Ned’s sight began to blur. There was a loud buzzing in his ears and sparks of red, vivid blue and yellow light danced before his eyes. He was helpless in the iron clutch of the man behind him. Then came the heavy sound of running feet and three husky servants in livery arrived and overpowered him. One tripped him flat on his face, while the others bound his arms immovably to his sides with a piece of rope. They mauled him about and gave him a couple of kicks for good measure.

“Bring him up here,” commanded the master of the house abruptly, leading the way up a narrow little flight of stairs.

As Ned stumbled upward, pushed by the excited serving-men, he saw for the first time that a very comely young woman was standing at the head of the staircase, with a loose dressing gown thrown around her, just as if she had been frightened from her bed by the noise of the scuffle and shouts below stairs.

“What are you doing here, Marya?” demanded the mysterious man in the cape in what seemed to Ned to be an unjustifiably gruff tone. “Why aren’t you in bed where you belong at this hour?”

The girl’s hands were pressed to her heart, but she was making a brave effort to conceal her agitation.

“Oh, I thought--I hoped that--father?” This last in piteous appeal.

The man in the cloak scowled savagely and shoved her aside, while he and his men pushed Ned into a large, sumptuously furnished room.

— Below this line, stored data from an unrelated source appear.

(* Let $n>k\geq1$, $r=n-k$, and let $h,d$ be integers with $2\leq h\leq n-k$, $k<d\leq n-h$, $(d-k)\mid h$ and $(\frac{h}{d-k}+1)\mid 2^n$. Put $\delta=d-k$, $N=h/\delta$ (so $N=2^w-1$ for some integer $w\geq1$) and $\ell=2^n$. Let $F$ be a finite field with $|F|>2n$ and $\lambda_{j,0},\lambda_{j,1}$, $j\in[n]$, be $2n$ distinct elements of $F$, and let $\mathcal{C}$ be the (Hadamard MSR) code of all $(\bm c_1,\ldots,\bm c_n)$, $\bm c_j=(c_{j,0},\ldots,c_{j,\ell-1})\in F^\ell$, with $\sum_{j\in[n]}\lambda_{j,a_j}^{t-1}c_{j,a}=0$ for all $a\in[0,\ell-1]$, $t\in[r]$. Let $\mathcal{H}\subseteq[n]$ with $|\mathcal{H}|=h$ be the set of failed nodes and $\mathcal{R}\subseteq[n]\setminus\mathcal{H}$ with $|\mathcal{R}|=d$ the helper nodes. Partition $\mathcal{H}$ into disjoint sets $P_1,\ldots,P_N$ of size $\delta$, pick $m_i\in P_i$ for each $i\in[N]$, let $M=(m_1,\ldots,m_N)$, and let $V_0\subseteq\mathbb{F}_2^N$ be the binary Hamming code of length $N$ (dimension $N-w$, minimum distance $3$). Then every codeword's $\bm c_j$, $j\in\mathcal{H}$, can be recovered from the symbols $$\Big\{\sum_{v\in\{0,1\}}c_{j,\,a(P_i,a|_{P_i}\oplus v\bm 1_\delta)}:\ a\in[0,\ell-1]\text{ with }a|_M\in V_0,\ i\in[N]\Big\}$$ downloaded from each helper node $j\in\mathcal{R}$; this amounts to $\frac{h\ell}{d-k+h}$ symbols per helper node and total repair bandwidth $\frac{dh\ell}{d-k+h}$, achieving the cut-set bound. In particular $\mathcal{C}$ has the $(h,d)$-optimal repair property.
   Context: Each $a\in[0,2^n-1]$ is identified with its binary expansion $(a_1,\ldots,a_n)\in\{0,1\}^n$, $a=\sum_i a_i2^{i-1}$. For $\mathcal{X}\subseteq[n]$, $a|_{\mathcal{X}}$ is the vector of bits $(a_x)_{x\in\mathcal{X}}$ (for $M=(m_1,\ldots,m_N)$, $a|_M=(a_{m_1},\ldots,a_{m_N})\in\mathbb{F}_2^N$), and $a(\mathcal{X},\bm v)$ is the integer whose bits on $\mathcal{X}$ equal $\bm v$ and whose other bits equal those of $a$; $\oplus$ is bitwise addition mod 2 and $\bm 1_\delta$ is the all-one vector of length $\delta$. The binary Hamming code of length $N=2^w-1$ is the kernel of the $w\times N$ binary matrix whose columns are all nonzero vectors of $\mathbb{F}_2^w$. The cut-set bound for repairing $h$ nodes from $d$ helpers in an $(n,k,\ell)$ MDS array code is that each helper must send at least $\frac{h\ell}{d-k+h}$ symbols; the $(h,d)$-optimal repair property means that for every $h$-set $\mathcal{H}$ and every $d$-set $\mathcal{R}\subseteq[n]\setminus\mathcal{H}$ the failed nodes can be recovered with each helper sending exactly $\frac{h\ell}{d-k+h}$ symbols computed from its own content. *)

From mathcomp Require Import all_boot all_algebra.
Set Implicit Arguments. Unset Strict Implicit. Unset Printing Implicit Defensive.
Import GRing.Theory.
Local Open Scope ring_scope.

(* Coordinate indices a in [0, 2^n - 1] are represented directly by their
   binary expansions (a_1,...,a_n), i.e. by elements of {ffun 'I_n -> bool};
   bit a_{j+1} is  a j  for j : 'I_n. *)

(* w such that N = 2^w - 1 (when N+1 is a power of 2). *)
Definition hamming_w (N : nat) : nat := trunc_log 2 N.+1.

(* Binary Hamming code of length N: kernel (over F_2, with xor as addition)
   of the w x N parity-check matrix whose column i (i = 0..N-1) is the binary
   expansion of i+1, i.e. the columns are all nonzero vectors of F_2^w. *)
Definition hamming_code (N : nat) (v : 'I_N -> bool) : bool :=
  [forall s : 'I_(hamming_w N),
     ~~ \big[addb/false]_(i < N) (v i && odd (i.+1 %/ 2 ^ s))].

(* a(X, a|_X (+) 1_{|X|}) : flip the bits of a on X *)
Definition flip (n : nat) (a : {ffun 'I_n -> bool}) (X : {set 'I_n})
  : {ffun 'I_n -> bool} := [ffun j => a j (+) (j \in X)].

(* Hadamard MSR code: c j a = c_{j,a}; parity checks for t = 1..r
   (exponents 0..r-1), r = n - k. *)
Definition in_hadamard_code (n k : nat) (F : fieldType)
  (lam : 'I_n -> bool -> F) (c : 'I_n -> {ffun 'I_n -> bool} -> F) : Prop :=
  forall (a : {ffun 'I_n -> bool}) (t : 'I_(n - k)),
    \sum_(j < n) (lam j (a j)) ^+ t * c j a = 0.

From mathcomp Require Import all_boot all_algebra zify.
Set Implicit Arguments.
Unset Strict Implicit.
Unset Printing Implicit Defensive.
Import GRing.Theory.
Local Open Scope ring_scope.

(* Fix i and an index a with a|_M in the Hamming code V_0, and let a' be a with
   its bits on P_i flipped.  Outside P_i, a and a' agree, so the sum of the
   parity checks at a and at a' is a Vandermonde system in the 2n distinct
   points lam_{j,b}: its unknowns are c_{j,a} and c_{j,a'} for j in P_i and
   c_{j,a} + c_{j,a'} for the other j, the latter being downloaded from the d
   helpers.  That leaves 2(d-k) + (n-(d-k)-d) = n-k unknowns for the n-k
   checks, so the system determines them all.  As the Hamming code is perfect
   of minimum distance 3, every b in F_2^N either lies in V_0 or becomes a
   codeword after toggling a unique coordinate i; hence every a is either such
   an index or the flip a' of one on a unique P_i, which both recovers every
   c_{j,a}, j in H, and counts the indices a with a|_M in V_0: there are
   2^n / (N+1) of them. *)

Lemma vanishing_moments_eq0 (F : fieldType) (T : finType) (mu : T -> F)
    (S : {set T}) (r : nat) (y : T -> F) :
  {in S &, injective mu} -> (#|S| <= r)%N ->
  (forall p, p \notin S -> y p = 0) ->
  (forall t, (t < r)%N -> \sum_p mu p ^+ t * y p = 0) -> forall p, y p = 0.
Proof.
move=> muI leSr yS ym p0; have [p0S|] := boolP (p0 \in S); last exact: yS.
pose q := \prod_(z <- [seq mu x | x in S :\ p0]) ('X - z%:P).
have size_q : (size q <= r)%N.
  by rewrite size_prod_XsubC size_map -cardE (cardsD1 p0 S) p0S in leSr *.
have q_root p : p \in S :\ p0 -> root q (mu p).
  by move=> pS; rewrite root_prod_XsubC image_f.
have sum_q : \sum_p q.[mu p] * y p = 0.
  under eq_bigr => p _ do rewrite horner_coef big_distrl.
  rewrite exchange_big big1 // => t _ /=.
  under eq_bigr => p _ do rewrite -mulrA.
  by rewrite -big_distrr /= ym ?mulr0 // (leq_trans (ltn_ord t) size_q).
move: sum_q; rewrite (bigD1 p0) //= big1 ?addr0 => [|p pp0]; last first.
  have [pS|] := boolP (p \in S); last by move/yS->; rewrite mulr0.
  by rewrite (rootP (q_root p _)) ?mul0r // in_setD1 pp0.
move/eqP; rewrite mulf_eq0 => /orP[|/eqP //].
rewrite -/(root q _) root_prod_XsubC => /imageP[x].
by rewrite in_setD1 => /andP[/eqP xp0 xS] /muI -/(_ p0S xS) /esym.
Qed.

Local Open Scope nat_scope.

Lemma binary_expansion (w x : nat) :
  x < 2 ^ w -> x = \sum_(s < w) odd (x %/ 2 ^ s) * 2 ^ s.
Proof.
elim: w x => [|w IHw] x ltx; first by rewrite big_ord0; case: x ltx.
have ltx2 : x./2 < 2 ^ w by rewrite -divn2 ltn_divLR // mulnC -expnS.
rewrite big_ord_recl expn0 divn1 muln1.
under eq_bigr => s _ do rewrite /bump /= ?add1n expnS divnMA (mulnC 2) mulnA.
by rewrite -big_distrl /= divn2 -(IHw _ ltx2) muln2 odd_double_half.
Qed.

Section HammingCode.

Variable N : nat.
Local Notation w := (hamming_w N).

Definition hamming_col (i : 'I_N) : {ffun 'I_w -> bool} :=
  [ffun s : 'I_w => odd (i.+1 %/ 2 ^ s)].

Definition syndrome (b : 'I_N -> bool) : {ffun 'I_w -> bool} :=
  [ffun s => \big[addb/false]_(i < N) (b i && hamming_col i s)].

Definition toggle (b : 'I_N -> bool) (i : 'I_N) : 'I_N -> bool :=
  fun i0 => b i0 (+) (i0 == i).

Lemma eq_hamming_code (b b' : 'I_N -> bool) :
  b =1 b' -> hamming_code b = hamming_code b'.
Proof.
by move=> eq_b; apply: eq_forallb => s; under eq_bigr => i _ do rewrite eq_b.
Qed.

Lemma syndromeE b s :
  syndrome b s = \big[addb/false]_(i < N) (b i && odd (i.+1 %/ 2 ^ s)).
Proof. by rewrite ffunE; apply: eq_bigr => i _; rewrite ffunE. Qed.

Lemma hamming_codeE b : hamming_code b = (syndrome b == [ffun=> false]).
Proof.
apply/forallP/eqP => [b0|syn0 s]; last by rewrite -syndromeE syn0 ffunE.
by apply/ffunP => s; rewrite syndromeE ffunE; apply/negbTE.
Qed.

Lemma syndrome_toggle b i s :
  syndrome (toggle b i) s = syndrome b s (+) hamming_col i s.
Proof.
rewrite [syndrome _ s]ffunE [syndrome b s]ffunE.
under eq_bigr => i0 _ do rewrite /toggle andb_addl.
rewrite big_split /=; congr addb.
by rewrite (bigD1 i) //= eqxx big1 ?addbF // => i0 /negbTE->.
Qed.

Lemma hamming_code_toggle b i :
  hamming_code (toggle b i) = (syndrome b == hamming_col i).
Proof.
rewrite hamming_codeE; apply/eqP/eqP => [/ffunP syn0|syn_b]; apply/ffunP => s.
  move: (syn0 s); rewrite syndrome_toggle (ffunE (fun=> false)) => /negbT.
  by rewrite negb_add => /eqP.
by rewrite syndrome_toggle syn_b addbb (ffunE (fun=> false)).
Qed.

Hypothesis N1_exp2 : N.+1 = 2 ^ w.

Let lt_col (i : 'I_N) : i.+1 < 2 ^ w. Proof. by rewrite -N1_exp2 ltnS. Qed.

Lemma hamming_col_inj : injective hamming_col.
Proof.
move=> i i' /ffunP eq_col; apply/val_inj/eq_add_S.
rewrite (binary_expansion (lt_col i)) (binary_expansion (lt_col i')).
by apply: eq_bigr => s _; move: (eq_col s); rewrite !ffunE => ->.
Qed.

Lemma hamming_col_neq0 i : hamming_col i != [ffun=> false].
Proof.
apply/eqP => /ffunP col0; move/binary_expansion: (lt_col i).
by rewrite big1 // => s _; move: (col0 s); rewrite !ffunE => ->.
Qed.

Lemma hamming_col_onto (v : {ffun 'I_w -> bool}) :
  v != [ffun=> false] -> exists i, v = hamming_col i.
Proof.
move=> v_neq0; pose S : {set {ffun 'I_w -> bool}} := [set~ [ffun=> false]].
have card_cols : #|[set hamming_col i | i : 'I_N]| = #|S|.
  rewrite card_imset; last exact: hamming_col_inj.
  by rewrite cardsC1 card_ffun card_bool !card_ord -N1_exp2.
have sub_cols : [set hamming_col i | i : 'I_N] \subset S.
  by apply/subsetP => _ /imsetP[i _ ->]; rewrite !inE hamming_col_neq0.
have /imsetP[i _ ->] : v \in [set hamming_col i | i : 'I_N].
  by rewrite (subset_cardP card_cols sub_cols) !inE.
by exists i.
Qed.

Lemma hamming_code_or_toggle b :
  hamming_code b \/ exists i, hamming_code (toggle b i).
Proof.
rewrite hamming_codeE.
have [|/hamming_col_onto[i syn_b]] := eqVneq; first by left.
by right; exists i; rewrite hamming_code_toggle syn_b.
Qed.

Lemma hamming_toggle_inj b i i' :
  hamming_code (toggle b i) -> hamming_code (toggle b i') -> i = i'.
Proof.
by rewrite !hamming_code_toggle => /eqP-> /eqP/hamming_col_inj.
Qed.

Lemma hamming_code_toggleF b i :
  hamming_code b -> hamming_code (toggle b i) = false.
Proof.
rewrite hamming_codeE hamming_code_toggle => /eqP->.
by rewrite eq_sym (negbTE (hamming_col_neq0 i)).
Qed.

End HammingCode.

Lemma flipK n (X : {set 'I_n}) : involutive (fun a => flip a X).
Proof. by move=> a; apply/ffunP => j; rewrite !ffunE addbK. Qed.

Section Flips.

Variables (n N : nat) (P : 'I_N -> {set 'I_n}) (m : 'I_N -> 'I_n).
Hypothesis P_disjoint : forall i i', i != i' -> [disjoint P i & P i'].
Hypothesis m_in_P : forall i, m i \in P i.

Local Notation restr a := (fun i => a (m i)).

Lemma hamming_code_flip a i :
  hamming_code (restr (flip a (P i))) = hamming_code (toggle (restr a) i).
Proof.
apply: eq_hamming_code => i0; rewrite ffunE; congr addb.
have [->|/P_disjoint] := eqVneq i0 i; first exact: m_in_P.
by rewrite disjoint_sym => /disjointFl->.
Qed.

Hypothesis N1_exp2 : (N.+1 = 2 ^ hamming_w N)%N.

Lemma card_hamming_restr :
  #|[set a : {ffun 'I_n -> bool} | hamming_code (restr a)]| * N.+1 = 2 ^ n.
Proof.
set C := [set a | _].
pose phi (x : {ffun 'I_n -> bool} * option 'I_N) :=
  if x.2 is Some i then flip x.1 (P i) else x.1.
have phi_inj : {in setX C [set: option 'I_N] &, injective phi}.
  move=> [a [i|]] [a' [i'|]]; rewrite !inE /= !andbT /phi /= => Ca Ca' eq_phi.
  - have Ci : hamming_code (toggle (restr (flip a (P i))) i).
      by rewrite -hamming_code_flip flipK.
    have Ci' : hamming_code (toggle (restr (flip a (P i))) i').
      by rewrite -hamming_code_flip eq_phi flipK.
    have ii' := hamming_toggle_inj N1_exp2 Ci Ci'; subst i'.
    by rewrite -(flipK (P i) a) eq_phi flipK.
  - by move: Ca'; rewrite -eq_phi hamming_code_flip hamming_code_toggleF.
  - by move: Ca; rewrite eq_phi hamming_code_flip hamming_code_toggleF.
  - by rewrite eq_phi.
have phi_onto : [set phi x | x in setX C [set: option 'I_N]] = setT.
  apply/setP => a; rewrite inE; apply/imsetP.
  have [Ca|[i Ci]] := hamming_code_or_toggle N1_exp2 (restr a).
    by exists (a, None); rewrite // !inE andbT.
  exists (flip a (P i), Some i); last by rewrite /phi /= flipK.
  by rewrite !inE andbT hamming_code_flip.
move: (card_in_imset phi_inj); rewrite phi_onto cardsX !cardsT card_option.
by rewrite card_ffun card_bool !card_ord => <-.
Qed.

“I know what you thought well enough,” he growled. “You thought that Racoszky, that scoundrelly husband of yours, had come and tried to see you secretly. That’s what you thought! Well, you are a fool and, though I’m ashamed to say it, a daughter of mine at the same time. Look at him as much as you want, Marya! You see that this doesn’t happen to be your husband. Instead, he is a rascally fellow who--you can go now, men!” The servitors went out silently. “Instead of that, he is a fellow who has been dogging my footsteps for the last hour or so and whom I trapped at the foot of the stairs there just to find out who he was and why he has followed me in this way.”

Ned did not quail before the menace in his captor’s eye. Instead it is to be doubted if he even had heard his last words. One poignant thought was ringing through his head:

Marya? The man in the cloak whom he knew to be a conspirator was her father and he had called her the wife of Lieutenant Racoszky.

Then this would-be assassin was none other than old Count Polnychek of Budapest!